Exact burn rate worrisome

Elsewhere, Exact Sciences, Inc. took a dive on concerns about its cash outlays, one buyside source remarked Thursday.

Exact Sciences shares (Nasdaq: EXAS) fell 15 cents, or 6.82%, to $2.05 on Thursday. The Marlborough, Mass.-based company, which makes DNA tests to screen for colorectal cancer, presented at the UBS Global Life Sciences Conference on Wednesday

"At the UBS conference they said the company holds 37 patents on their DNA stool-based test technology. That's great, but they also said they spent an unheard-of $12 million on the study that was presented in Los Angeles this past spring at the digestive disease conference," the buysider said.

"There is some concern about the cash burn rate and their funding."

On Thursday, Exact Sciences chief executive Don Hardison also was scheduled to present at the Wall Street Analyst Forum in New York.

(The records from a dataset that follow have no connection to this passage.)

Lemma w_right_sigma s t :
  w_right alpha f (sigma s) (sigma t) (alpha (s ⋅ t ⋅ sinv (s ⋅ t))) =
  alpha (s ⋅ t ⋅ sinv (s ⋅ t)) ⋅ f (s ⋅ (t ⋅ sinv t)) (sinv s ⋅ s ⋅ t).
Proof.
  set (e := t ⋅ sinv t). set (P := s ⋅ t ⋅ sinv (s ⋅ t)).
  assert (He : idem e) by apply idem_mul_sinv.
  assert (HP : idem (alpha P)) by apply alpha_idem, idem_mul_sinv.
  assert (Hran : s ⋅ e ⋅ sinv (s ⋅ e) = P)
    by (rewrite (mul_idem_sinv s He); unfold P, e; rewrite sinv_mul; assoc).
  assert (Hdom : sinv (s ⋅ e) ⋅ (s ⋅ t) = sinv s ⋅ s ⋅ t).
  { rewrite (sinv_mul_idem s He).
    transitivity (e ⋅ (sinv s ⋅ s) ⋅ t); [assoc |].
    rewrite (idem_comm He (idem_sinv_mul s)).
    transitivity (sinv s ⋅ s ⋅ (t ⋅ sinv t ⋅ t)); [unfold e; assoc | rewrite smul_inv_l; reflexivity]. }
  unfold w_right. rewrite (idem_sinv_id HP).
  match goal with |- epsilon ?i ?Q = _ =>
    destruct (epsilon_spec i Q) as [s1 [t1 [Hs1 [Ht1 [Hran1 [Hran2 ->]]]]]] end.
  { exists (alpha P ⋅ f (s ⋅ e) (sinv (s ⋅ e) ⋅ (s ⋅ t))), (s ⋅ e), (s ⋅ t).
    rewrite Gmul_sigma, Hran. repeat split; auto using sigma_mul_idem, sigma_refl. }
  rewrite Gmul_sigma in Ht1.
  apply alpha_inj in Hran1; [| apply idem_mul_sinv | apply idem_mul_sinv].
  apply alpha_inj in Hran2; [| apply idem_mul_sinv | apply idem_mul_sinv].
  assert (Et1 : s ⋅ t = t1) by (apply (eq_of_sigma_mul_sinv EU); [exact Ht1 | rewrite Hran2; reflexivity]).
  assert (Es1 : s ⋅ e = s1).
  { apply (eq_of_sigma_mul_sinv EU); [eauto using sigma_trans, sigma_sym, sigma_mul_idem | rewrite Hran, Hran1; reflexivity]. }
  subst s1 t1. rewrite Hdom. reflexivity.
Qed.

Definition nu s : A * (S -> Prop) := (alpha (s ⋅ sinv s), sigma s).

Lemma CP_nu s : CP alpha (nu s).
Proof.
  split; [| split]; simpl.
  - exists s. tauto.
  - apply alpha_idem, idem_mul_sinv.
  - exists s. split; [apply sigma_refl | apply inAe_idem, alpha_idem, idem_mul_sinv].
Qed.

Lemma nu_inj s t : nu s = nu t -> s = t.
Proof.
  intro Hst. injection Hst as Hran Hsig. apply (eq_of_sigma_mul_sinv EU).
  - rewrite Hsig. apply sigma_refl.
  - apply alpha_inj; auto using idem_mul_sinv.
Qed.

Lemma nu_surj p : CP alpha p -> exists s, nu s = p.
Proof.
  destruct p as [a X]. intros [Hcls [Ha [s [HXs [Hran _]]]]]. simpl in *.
  exists s. unfold nu. f_equal.
  - rewrite <- Hran. apply idem_sinv_id, Ha.
  - symmetry. apply class_eq_sigma; assumption.
Qed.

Lemma nu_mul s t : nu (s ⋅ t) = CPmul alpha lambda (nu s) (nu t).
Proof.
  unfold CPmul, nu. simpl. rewrite theta_inv_sigma, theta_sigma_alpha, Gmul_sigma. reflexivity.
Qed.

Lemma alpha'_nu e : idem e -> alpha' (nu e) = alpha e.
Proof. intro He. unfold alpha', nu. simpl. rewrite idem_sinv_id by exact He. reflexivity. Qed.

Lemma lambda'_nu s (a : A) : lambda' alpha lambda (nu s) a = lambda s a.
Proof.
  unfold lambda', nu. simpl. rewrite theta_inv_sigma.
  set (g := sinv s ⋅ s). assert (Hg : idem g) by apply idem_sinv_mul.
  destruct (alpha_surj (idem_mul_sinv a)) as [e [He Ea]].
  assert (Hea : alpha e ⋅ a = a) by (rewrite Ea; apply smul_inv_l).
  rewrite (theta_sigma (r := s ⋅ e)).
  - rewrite (lambda_mul_idem s (alpha g ⋅ a) He), smulA, <- alpha_mul by auto.
    rewrite (idem_comm He Hg), alpha_mul, <- smulA, Hea by auto.
    rewrite <- (lambda_mul_idem s a Hg). unfold g. rewrite mul_sinv_mul. reflexivity.
  - apply sigma_mul_idem, He.
  - rewrite (sinv_mul_idem s He), !sinv_mul, (sinv_idem (alpha_idem Hg)).
    transitivity (alpha g ⋅ (a ⋅ sinv a) ⋅ alpha g); [| assoc].
    rewrite <- Ea, <- !alpha_mul by auto using idem_mul. f_equal.
    transitivity (e ⋅ g ⋅ e); [unfold g; assoc |].
    rewrite (idem_sandwich He Hg), (idem_sandwich Hg He). apply (idem_comm Hg He).
Qed.

Lemma f'_nu s t : f' alpha lambda f (nu s) (nu t) = f s t.
Proof.
  unfold f', nu. simpl.
  rewrite theta_inv_sigma, theta_sigma_alpha, w_right_sigma. apply f_restrict.
Qed.

End TwistedModule.

Theorem proposition9p1 (S A : InvSemigroup)
    (alpha : S -> A) (lambda : S -> A -> A) (f : S -> S -> A) :
  E_unitary S ->
  semilattice_of_groups A ->
  sieben_twisted_module alpha lambda f ->
  exists nu : S -> A * (S -> Prop),
    (* nu is an isomorphism S -> E(A) *_theta G(S) *)
    (forall s, CP alpha (nu s)) /\
    (forall s t, nu s = nu t -> s = t) /\
    (forall p, CP alpha p -> exists s, nu s = p) /\
    (forall s t, nu (smul s t) = CPmul alpha lambda (nu s) (nu t)) /\
    (* alpha = alpha' o nu|E(S), lambda = lambda' o nu, f = f' o (nu x nu) *)
    (forall e, idem e -> alpha e = alpha' (nu e)) /\
    (forall s a, lambda s a = lambda' alpha lambda (nu s) a) /\
    (forall s t, f s t = f' alpha lambda f (nu s) (nu t)).
Proof.
  intros EU SG Hmod. exists (nu alpha).
  split; [| split; [| split; [| split; [| split; [| split]]]]].
  - exact (CP_nu Hmod).
  - exact (nu_inj Hmod EU).
  - intros p Hp. exact (nu_surj Hp).
  - exact (nu_mul Hmod EU).
  - intros e He. symmetry. exact (alpha'_nu alpha He).
  - intros s a. symmetry. exact (lambda'_nu Hmod SG EU s a).
  - intros s t. symmetry. exact (f'_nu Hmod EU s t).
Qed.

Exact Sciences develops proprietary DNA-based technologies for use in the detection of cancer with its PreGen-Plus technology, a noninvasive stool-based DNA testing service for the detection of colorectal cancer in the average-risk population.

Nabi rises 7% as expected

As expected, Boca Raton, Fla.- based Nabi Biopharmaceuticals shot up Thursday on the previous day's late announcement that it has retained Banc of America Securities LLC to explore strategic alternatives - a market euphemism for putting the company on the auction block.

Nabi shares (Nasdaq: NABI) gained 38 cents on Thursday, or 6.79%, to close Thursday at $5.98, mirroring after-hours activity in the stock Wednesday on the news.

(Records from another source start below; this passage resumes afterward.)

(* Let $(f,t)$ be a tax-based mechanism (with $n\ge 2$ players), where each type set $\Theta_i$ is a compact subset of some $\mathbb{R}^k$ and each $t_i$ is continuous. Define $T(\theta):=\sum_{i=1}^n t_i(\theta)$, $S_i^{BCGC}(\theta_{-i}):=\max_{\theta_i'\in\Theta_i} T(\theta_i',\theta_{-i})$, and $t_i^{BCGC}(\theta):=t_i(\theta)-S_i^{BCGC}(\theta_{-i})/n$. Then: (i) the mechanism $(f,t^{BCGC})$ is feasible; (ii) if $(f,t)$ is feasible, then either $t^{BCGC}=t$ or $(f,t^{BCGC})$ dominates $(f,t)$.
   Context: Setting: a set of decisions $D$, players $1,\dots,n$ ($n\ge2$), type sets $\Theta_i$, $\Theta:=\Theta_1\times\cdots\times\Theta_n$, and initial utility functions $v_i:D\times\Theta_i\to\mathbb{R}$. A tax-based mechanism is a pair $(f,t)$ with $f:\Theta\to D$ and $t=(t_1,\dots,t_n):\Theta\to\mathbb{R}^n$; player $i$'s final utility when reports are $\theta'$ and true type is $\theta_i$ is $v_i(f(\theta'),\theta_i)+t_i(\theta')$ (so $t_i>0$ means $i$ receives money). The mechanism is feasible if $\sum_i t_i(\theta)\le 0$ for all $\theta\in\Theta$. For two mechanisms with the same decision function, $t'$ dominates $t$ if $t_i(\theta)\le t'_i(\theta)$ for all $\theta$ and all $i$, with strict inequality for some $\theta$ and some $i$. *)

From mathcomp Require Import all_boot.
From Stdlib Require Import Reals ClassicalEpsilon.
Set Implicit Arguments. Unset Strict Implicit. Unset Printing Implicit Defensive.
Local Open Scope R_scope.

(* A point of R^k is represented by a list of reals of length k
   (coordinates read with [nth 0]).  Players are ['I_n]; a type profile is a
   map ['I_n -> list R]; player i's types live in R^(k i). *)

Definition profile (n : nat) := 'I_n -> list R.

(* sup-norm closeness (induces the usual topology of R^k) *)
Definition close (d : R) (x y : list R) : Prop :=
  forall j : nat, Rabs (nth 0 x j - nth 0 y j) < d.

Definition open_in (k : nat) (U : list R -> Prop) : Prop :=
  forall x, U x -> size x = k /\
    exists d, 0 < d /\ forall y, size y = k -> close d y x -> U y.

Definition compact_in (k : nat) (K : list R -> Prop) : Prop :=
  (forall x, K x -> size x = k) /\
  forall (I : Type) (U : I -> list R -> Prop),
    (forall a, open_in k (U a)) ->
    (forall x, K x -> exists a, U a x) ->
    exists l : list I, forall x, K x -> exists a, List.In a l /\ U a x.

Definition inTheta (n : nat) (Theta : 'I_n -> list R -> Prop) (th : profile n) : Prop :=
  forall i, Theta i (th i).

Definition upd (n : nat) (th : profile n) (i : 'I_n) (x : list R) : profile n :=
  fun j => if j == i then x else th j.

Definition cont_on (n : nat) (Theta : 'I_n -> list R -> Prop) (g : profile n -> R) : Prop :=
  forall th, inTheta Theta th -> forall eps, 0 < eps ->
    exists d, 0 < d /\ forall th', inTheta Theta th' ->
      (forall i, close d (th' i) (th i)) -> Rabs (g th' - g th) < eps.

Definition Ttot (n : nat) (t : 'I_n -> profile n -> R) (th : profile n) : R :=
  \big[Rplus/0]_(i < n) t i th.

Definition feasible (n : nat) (Theta : 'I_n -> list R -> Prop) (t : 'I_n -> profile n -> R) : Prop :=
  forall th, inTheta Theta th -> Ttot t th <= 0.

(* t' dominates t (same decision function) *)
Definition dominates (n : nat) (Theta : 'I_n -> list R -> Prop) (t' t : 'I_n -> profile n -> R) : Prop :=
  (forall th, inTheta Theta th -> forall i, t i th <= t' i th) /\
  (exists th i, inTheta Theta th /\ t i th < t' i th).

Definition is_max_i (n : nat) (Theta : 'I_n -> list R -> Prop) (t : 'I_n -> profile n -> R)
  (i : 'I_n) (th : profile n) (s : R) : Prop :=
  (exists x, Theta i x /\ s = Ttot t (upd th i x)) /\
  (forall x, Theta i x -> Ttot t (upd th i x) <= s).

Definition S_BCGC (n : nat) (Theta : 'I_n -> list R -> Prop) (t : 'I_n -> profile n -> R)
  (i : 'I_n) (th : profile n) : R :=
  epsilon (inhabits 0) (is_max_i Theta t i th).

Definition t_BCGC (n : nat) (Theta : 'I_n -> list R -> Prop) (t : 'I_n -> profile n -> R)
  (i : 'I_n) (th : profile n) : R :=
  t i th - S_BCGC Theta t i th / INR n.

From mathcomp Require Import all_boot.
From Stdlib Require Import Reals Lra Psatz ClassicalEpsilon Classical FunctionalExtensionality.
Set Implicit Arguments. Unset Strict Implicit.
Local Open Scope R_scope.

(* The only analytic input is the extreme value theorem: a function that is
   continuous on a compact subset of R^k attains its maximum there.  We prove
   it directly from the open-cover definition of compactness: if no point were
   a maximiser, the "strictly improved upon near y" sets would cover K, a
   finite subcover would exist, and its best centre would improve upon itself.

   Applied to x |-> T(x, theta_{-i}) (continuous because each t_j is), this
   shows that S_BCGC i theta really is the maximum of the slice, hence
   (a) T(theta) <= S_BCGC i theta for every i, and
   (b) S_BCGC i theta <= 0 whenever (f,t) is feasible.
   Part (i) follows by summing (a) over the n players, since
   t^BCGC_i = t_i - S_i / n.  Part (ii) follows from (b): t^BCGC_i >= t_i
   everywhere, with equality exactly where S_i = 0; so either every S_i
   vanishes on Theta (and t^BCGC = t) or some S_i is negative somewhere,
   which gives the strict improvement required by dominance. *)

Definition cont_in (K : list R -> Prop) (g : list R -> R) : Prop :=
  forall x, K x -> forall eps, 0 < eps -> exists d, 0 < d /\
    forall y, K y -> close d y x -> Rabs (g y - g x) < eps.

Lemma close_mono d d' x y : d <= d' -> close d x y -> close d' x y.
Proof. by move=> le_dd' cxy j; have := cxy j; lra. Qed.

Lemma close_refl d x : 0 < d -> close d x x.
Proof. by move=> d_gt0 j; rewrite Rminus_diag Rabs_R0. Qed.

Lemma close_trans d e x y z : close d x y -> close e y z -> close (d + e) x z.
Proof.
move=> cxy cyz j; have := cxy j; have := cyz j.
have := Rabs_triang (nth 0 x j - nth 0 y j) (nth 0 y j - nth 0 z j).
have -> : nth 0 x j - nth 0 y j + (nth 0 y j - nth 0 z j) = nth 0 x j - nth 0 z j
  by ring.
lra.
Qed.

Lemma cont_in_sum K (I : Type) (r : seq I) (P : pred I) (F : I -> list R -> R) :
  (forall j, cont_in K (F j)) ->
  cont_in K (fun x => \big[Rplus/0]_(j <- r | P j) F j x).
Proof.
move=> contF; elim: r => [|a r IH] x Kx eps eps_gt0.
  exists 1; split; first lra.
  by move=> y _ _; rewrite !big_nil Rminus_diag Rabs_R0.
case Pa: (P a); last first.
  have [d [d_gt0 Hd]] := IH x Kx _ eps_gt0.
  by exists d; split => // y Ky cyx; rewrite !big_cons Pa; apply: Hd.
have eps2_gt0 : 0 < eps / 2 by lra.
have [d1 [d1_gt0 H1]] := contF a x Kx _ eps2_gt0.
have [d2 [d2_gt0 H2]] := IH x Kx _ eps2_gt0.
exists (Rmin d1 d2); split; first exact: Rmin_pos.
move=> y Ky cyx; rewrite !big_cons Pa.
have h1 := H1 y Ky (close_mono (Rmin_l d1 d2) cyx).
have h2 := H2 y Ky (close_mono (Rmin_r d1 d2) cyx).
set A := F a y - F a x in h1.
set B := _ - _ in h2.
have -> : F a y + \big[Rplus/0]_(j <- r | P j) F j y -
          (F a x + \big[Rplus/0]_(j <- r | P j) F j x) = A + B by rewrite /A /B; ring.
have := Rabs_triang A B; lra.
Qed.

Lemma list_argmax (K : list R -> Prop) (g : list R -> R) (l : list (list R)) :
  (exists a, List.In a l /\ K a) ->
  exists b, List.In b l /\ K b /\ forall a, List.In a l -> K a -> g a <= g b.
Proof.
elim: l => [[a [[] _]]|c l IH] hne.
case: (classic (exists a, List.In a l /\ K a)) => [hl|hl].
- have [b [bl [Kb Hb]]] := IH hl.
  case: (classic (K c /\ g b <= g c)) => [[Kc le_bc]|hc].
  + exists c; split; [by left|split=> // a [<-|al] Ka]; first lra.
    by have := Hb a al Ka; lra.
  + exists b; split; [by right|split=> // a [<-|al] Ka]; last exact: Hb.
    by apply: Rnot_lt_le => lt_bc; apply: hc; split => //; lra.
- have Kc : K c.
    by case: hne => a [[<-|al] Ka] //; case: hl; exists a.
  exists c; split; [by left|split=> // a [<-|al] Ka]; first lra.
  by case: hl; exists a.
Qed.

Definition below_near (k : nat) (K : list R -> Prop) (g : list R -> R)
    (a y : list R) : Prop :=
  K a /\ size y = k /\ exists d, 0 < d /\
    forall z, size z = k -> close d z y -> K z -> g z < g a.

Lemma below_near_open k K g a : open_in k (below_near k K g a).
Proof.
move=> y [Ka [size_y [d [d_gt0 Hd]]]]; split => //.
exists (d / 2); split; first lra.
move=> z size_z czy; split => //; split => //; exists (d / 2); split; first lra.
move=> w size_w cwz Kw; apply: Hd => //.
by apply: close_mono (close_trans cwz czy); lra.
Qed.

Lemma compact_argmax k K g x0 : compact_in k K -> cont_in K g -> K x0 ->
  exists x, K x /\ forall y, K y -> g y <= g x.
Proof.
move=> [sizeK coverK] contg Kx0; apply: NNPP => no_max.
have improve : forall x, K x -> exists a, K a /\ g x < g a.
  move=> x Kx; apply: NNPP => hx; apply: no_max; exists x; split => // y Ky.
  by apply: Rnot_lt_le => lt; apply: hx; exists y.
have cover : forall x, K x -> exists a, below_near k K g a x.
  move=> x Kx; have [a [Ka lt_xa]] := improve x Kx.
  have [d [d_gt0 Hd]] := contg x Kx (g a - g x) ltac:(lra).
  exists a; split => //; split; first exact: sizeK.
  exists d; split => // z _ czx Kz.
  by have /Rabs_def2 := Hd z Kz czx; lra.
have [l Hl] := coverK _ _ (@below_near_open k K g) cover.
have [a0 [a0l [Ka0 _]]] := Hl x0 Kx0.
have [b [bl [Kb best_b]]] := @list_argmax K g l (ex_intro _ a0 (conj a0l Ka0)).
have [a [al [Ka [_ [d [d_gt0 Hd]]]]]] := Hl b Kb.
have := Hd b (sizeK b Kb) (close_refl b d_gt0) Kb.
by have := best_b a al Ka; lra.
Qed.

Lemma upd_self n (th : profile n) i : upd th i (th i) = th.
Proof. by apply: functional_extensionality => j; rewrite /upd; case: eqP => [->|]. Qed.

Lemma inTheta_upd n (Theta : 'I_n -> list R -> Prop) th i x :
  inTheta Theta th -> Theta i x -> inTheta Theta (upd th i x).
Proof. by move=> hth hx j; rewrite /upd; case: eqP => [->|]. Qed.

Lemma cont_on_slice n (Theta : 'I_n -> list R -> Prop) (g : profile n -> R) th i :
  cont_on Theta g -> inTheta Theta th ->
  cont_in (Theta i) (fun x => g (upd th i x)).
Proof.
move=> contg hth x Kx eps eps_gt0.
have [d [d_gt0 Hd]] := contg _ (inTheta_upd hth Kx) eps eps_gt0.
exists d; split => // y Ky cyx; apply: Hd; first exact: inTheta_upd.
by move=> j; rewrite /upd; case: eqP => // _; apply: close_refl.
Qed.

Lemma big_Rplus_le (I : Type) (r : seq I) (F G : I -> R) :
  (forall i, F i <= G i) ->
  \big[Rplus/0]_(i <- r) F i <= \big[Rplus/0]_(i <- r) G i.
Proof.
move=> leFG; elim: r => [|a r IH]; rewrite ?big_nil ?big_cons; first lra.
by have := leFG a; lra.
Qed.

Lemma big_Rplus_subc (I : Type) (r : seq I) (F : I -> R) c :
  \big[Rplus/0]_(i <- r) (F i - c) = \big[Rplus/0]_(i <- r) F i - INR (size r) * c.
Proof.
elim: r => [|a r IH]; rewrite ?big_nil ?big_cons /=; first ring.
by rewrite IH; case: (size r) => [|m] /=; ring.
Qed.

Section BCGCComparison.
Variables (n : nat) (Theta : 'I_n -> list R -> Prop) (t : 'I_n -> profile n -> R).
Hypothesis n_gt0 : 0 < INR n.

Lemma t_BCGC_eq i th : S_BCGC Theta t i th = 0 -> t_BCGC Theta t i th = t i th.
Proof. by move=> S0; rewrite /t_BCGC S0; field; lra. Qed.

Lemma t_BCGC_ge i th : S_BCGC Theta t i th <= 0 -> t i th <= t_BCGC Theta t i th.
Proof.
move=> S_le0; rewrite /t_BCGC /Rdiv.
have : 0 < / INR n by apply: Rinv_0_lt_compat.
nra.
Qed.

Lemma t_BCGC_gt i th : S_BCGC Theta t i th < 0 -> t i th < t_BCGC Theta t i th.
Proof.
move=> S_lt0; rewrite /t_BCGC /Rdiv.
have : 0 < / INR n by apply: Rinv_0_lt_compat.
nra.
Qed.

End BCGCComparison.

Section BCGCMaximum.
Variables (n : nat) (k : 'I_n -> nat) (Theta : 'I_n -> list R -> Prop).
Variable t : 'I_n -> profile n -> R.
Hypothesis compact_Theta : forall i, compact_in (k i) (Theta i).
Hypothesis cont_t : forall i, cont_on Theta (t i).

Lemma S_BCGC_is_max i th :
  inTheta Theta th -> is_max_i Theta t i th (S_BCGC Theta t i th).
Proof.
move=> hth; rewrite /S_BCGC; apply: epsilon_spec.
pose g x := Ttot t (upd th i x).
have contg : cont_in (Theta i) g.
  apply: cont_in_sum => j; exact: cont_on_slice (cont_t j) hth.
have [x [Kx max_x]] := compact_argmax (compact_Theta i) contg (hth i).
by exists (g x); split; [exists x | exact: max_x].
Qed.

Lemma Ttot_le_S_BCGC i th :
  inTheta Theta th -> Ttot t th <= S_BCGC Theta t i th.
Proof.
move=> hth; have [_ upper] := S_BCGC_is_max i hth.
by have := upper _ (hth i); rewrite upd_self.
Qed.

Lemma S_BCGC_le0 i th :
  feasible Theta t -> inTheta Theta th -> S_BCGC Theta t i th <= 0.
Proof.
move=> feas hth; have [[x [Kx ->]] _] := S_BCGC_is_max i hth.
by apply: feas; apply: inTheta_upd.
Qed.

Lemma t_BCGC_feasible : 0 < INR n -> feasible Theta (t_BCGC Theta t).
Proof.
move=> n_gt0 th hth.
have le_sum : Ttot (t_BCGC Theta t) th <=
              \big[Rplus/0]_(i < n) (t i th - Ttot t th / INR n).
  apply: big_Rplus_le => i; rewrite /t_BCGC /Rdiv.
  have := Ttot_le_S_BCGC i hth; have : 0 < / INR n by apply: Rinv_0_lt_compat.
  nra.
apply: Rle_trans le_sum _.
rewrite big_Rplus_subc -/(Ttot t th) /index_enum -enumT size_enum_ord.
by right; field; apply: Rgt_not_eq.
Qed.

Lemma t_BCGC_eq_or_dominates : 0 < INR n -> feasible Theta t ->
  (forall th, inTheta Theta th -> forall i, t_BCGC Theta t i th = t i th) \/
  dominates Theta (t_BCGC Theta t) t.
Proof.
move=> n_gt0 feas.
case: (classic (exists th i, inTheta Theta th /\ S_BCGC Theta t i th < 0))
  => [[th [i [hth S_lt0]]] | no_neg].
- right; split; last by exists th, i; split => //; apply: (t_BCGC_gt n_gt0).
  by move=> th' hth' j; apply: (t_BCGC_ge n_gt0); apply: S_BCGC_le0.
- left => th hth i; apply: (t_BCGC_eq n_gt0).
  apply: Rle_antisym; first exact: S_BCGC_le0.
  by apply: Rnot_lt_le => S_lt0; apply: no_neg; exists th, i.
Qed.

End BCGCMaximum.

Theorem mainTheorem1 (D : Type) (n : nat) (hn : (2 <= n)%nat)
  (k : 'I_n -> nat) (Theta : 'I_n -> list R -> Prop)
  (hcomp : forall i, compact_in (k i) (Theta i))
  (f : profile n -> D) (t : 'I_n -> profile n -> R)
  (hcont : forall i, cont_on Theta (t i)) :
  feasible Theta (t_BCGC Theta t) /\
  (feasible Theta t ->
     (forall th, inTheta Theta th -> forall i, t_BCGC Theta t i th = t i th) \/
     dominates Theta (t_BCGC Theta t) t).
Proof.
have n_gt0 : 0 < INR n by apply/lt_0_INR/ltP; apply: leq_trans hn.
split; first exact: t_BCGC_feasible hcomp hcont n_gt0.
exact: t_BCGC_eq_or_dominates hcomp hcont n_gt0.
Qed.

Since November 2005, when Nabi halted development of StaphVAX after it failed to meet the primary endpoint of a phase 3 clinical trial, the company has come under fire by stockholders, particularly Third Point LLC in New York. On such pressure, the board decided Wednesday to retain Banc of America Securities to publicly explore whether there are strategic alternatives.

Also as expected, Nabi's 2.875% convertible due 2025 gained in tandem with the stock Thursday, adding about 4.5 points to end Thursday at 90.5 bid, according to a sellsider source in the convertible market.